* _About this exercise_: Find each line of the entries with the string "Type", please, and copy it.
Records provided below:
(* A 1-regular connected component is a single edge. *)
Lemma walk_one_regular : (forall a b, E a b -> E b a) -> regular_of_degree E 1 ->
  forall n x z, walk E n x z -> z = x \/ E x z.
Proof.
  intros Esym Ereg. induction 1 as [|n x y z Exy Wyz IH]; [left; auto |].
  destruct IH as [-> | Eyz]; [right; auto |].
  left. destruct (Ereg y) as [l [_ [Hl Hnb]]].
  apply Hnb in Eyz. assert (Hx : In x l) by (apply Hnb, Esym; auto).
  destruct l as [|a [|b l]]; simpl in *; try lia.
  destruct Eyz as [<- | []]; destruct Hx as [<- | []]; auto.
Qed.

Definition dist_to_set (P : V -> Prop) (v : V) (k : nat) : Prop :=
  (exists p, P p /\ walk E k p v) /\ forall p j, P p -> walk E j p v -> (k <= j)%nat.

Lemma dist_to_set_exists (P : V -> Prop) p n v :
  P p -> walk E n p v -> exists k, dist_to_set P v k.
Proof.
  intros Pp W.
  destruct (ex_least_nat (fun k => exists p, P p /\ walk E k p v)) as [k [Hk Hmin]]; eauto.
  exists k. split; auto. intros q j Pq Wq. apply Hmin; eauto.
Qed.

Lemma dist_to_set_unique P v k j : dist_to_set P v k -> dist_to_set P v j -> k = j.
Proof.
  intros [[p [Pp Wp]] Mk] [[q [Pq Wq]] Mj].
  specialize (Mk _ _ Pq Wq). specialize (Mj _ _ Pp Wp). lia.
Qed.

Lemma dist_to_set_pred P v k : dist_to_set P v (S k) -> exists u, dist_to_set P u k.
Proof.
  intros [[p [Pp Wp]] M]. destruct (walk_unsnoc _ _ _ Wp) as [u [Wu Euv]].
  exists u. split; eauto. intros q j Pq Wq.
  assert (S k <= S j)%nat by (apply (M q); auto; eapply walk_snoc; eauto). lia.
Qed.

Definition dense_set (r : nat) (P : V -> Prop) : Prop :=
  forall v, exists p j, P p /\ (j <= r)%nat /\ walk E j p v.

End Walks.

Arguments walk_app {V E a x y}.
Arguments walk_sym {V E}.
Arguments walk_pad {V E}.

Section LevelCounting.

Variables (V A : Type) (D : V -> nat -> Prop) (lab : V -> A -> Prop).
Hypothesis lab_total : forall v, exists a, lab v a.
Hypothesis D_lab : forall v w a k j, lab v a -> lab w a -> D v k -> D w j -> k = j.
Hypothesis D_pred : forall v k, D v (S k) -> exists u, D u k.

Lemma level_labels k : forall v, D v k -> exists l, length l = S k /\ NoDup l /\
  forall a, In a l -> exists w j, (j <= k)%nat /\ D w j /\ lab w a.
Proof.
  induction k; intros v Dv; destruct (lab_total v) as [a Hva].
  - exists (a :: nil). split; [reflexivity |]. split.
    + constructor; [simpl; tauto | constructor].
    + intros a' [<- | []]. exists v, 0%nat. auto.
  - destruct (D_pred _ _ Dv) as [u Du].
    destruct (IHk u Du) as [l [Hl [Hnd Hlab]]].
    exists (a :: l). split; [simpl; lia |]. split.
    + constructor; auto. intro Hin. destruct (Hlab a Hin) as [w [j [Hj [Dw Hwa]]]].
      assert (j = S k) by (apply (D_lab w v a); auto). lia.
    + intros a' [<- | Ha'].
      * exists v, (S k). auto.
      * destruct (Hlab a' Ha') as [w [j [Hj [Dw Hwa]]]]. exists w, j. split; [lia | auto].
Qed.

Lemma level_lt_labels (reps : list A) : (forall v a, lab v a -> In a reps) ->
  forall v k, D v k -> (k < length reps)%nat.
Proof.
  intros Hreps v k Dv. destruct (level_labels k v Dv) as [l [Hl [Hnd Hlab]]].
  assert (incl l reps).
  { intros a Ha. destruct (Hlab a Ha) as [w [j [_ [_ Hwa]]]]. eauto. }
  pose proof (NoDup_incl_length Hnd H). lia.
Qed.

End LevelCounting.

Section NetGraph.

Variables (V : Type) (E : V -> V -> Prop) (P : V -> Prop) (s : nat).
Hypothesis Esym : forall v w, E v w -> E w v.

Definition net_graph (v w : V) : Prop :=
  P v /\ P w /\ v <> w /\ exists j, (j <= s)%nat /\ walk E j v w.

Lemma net_graph_simple : simple_graph net_graph.
Proof.
  split.
  - intros v w [Pv [Pw [Hne [j [Hj W]]]]]. repeat split; auto.
    exists j. split; auto. apply walk_sym; auto.
  - intros v [_ [_ [Hne _]]]. auto.
Qed.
End of Records provided.
* _Task solution_:
Variables (V A : Type) (D : V -> nat -> Prop) (lab : V -> A -> Prop).
Variables (V : Type) (E : V -> V -> Prop) (P : V -> Prop) (s : nat).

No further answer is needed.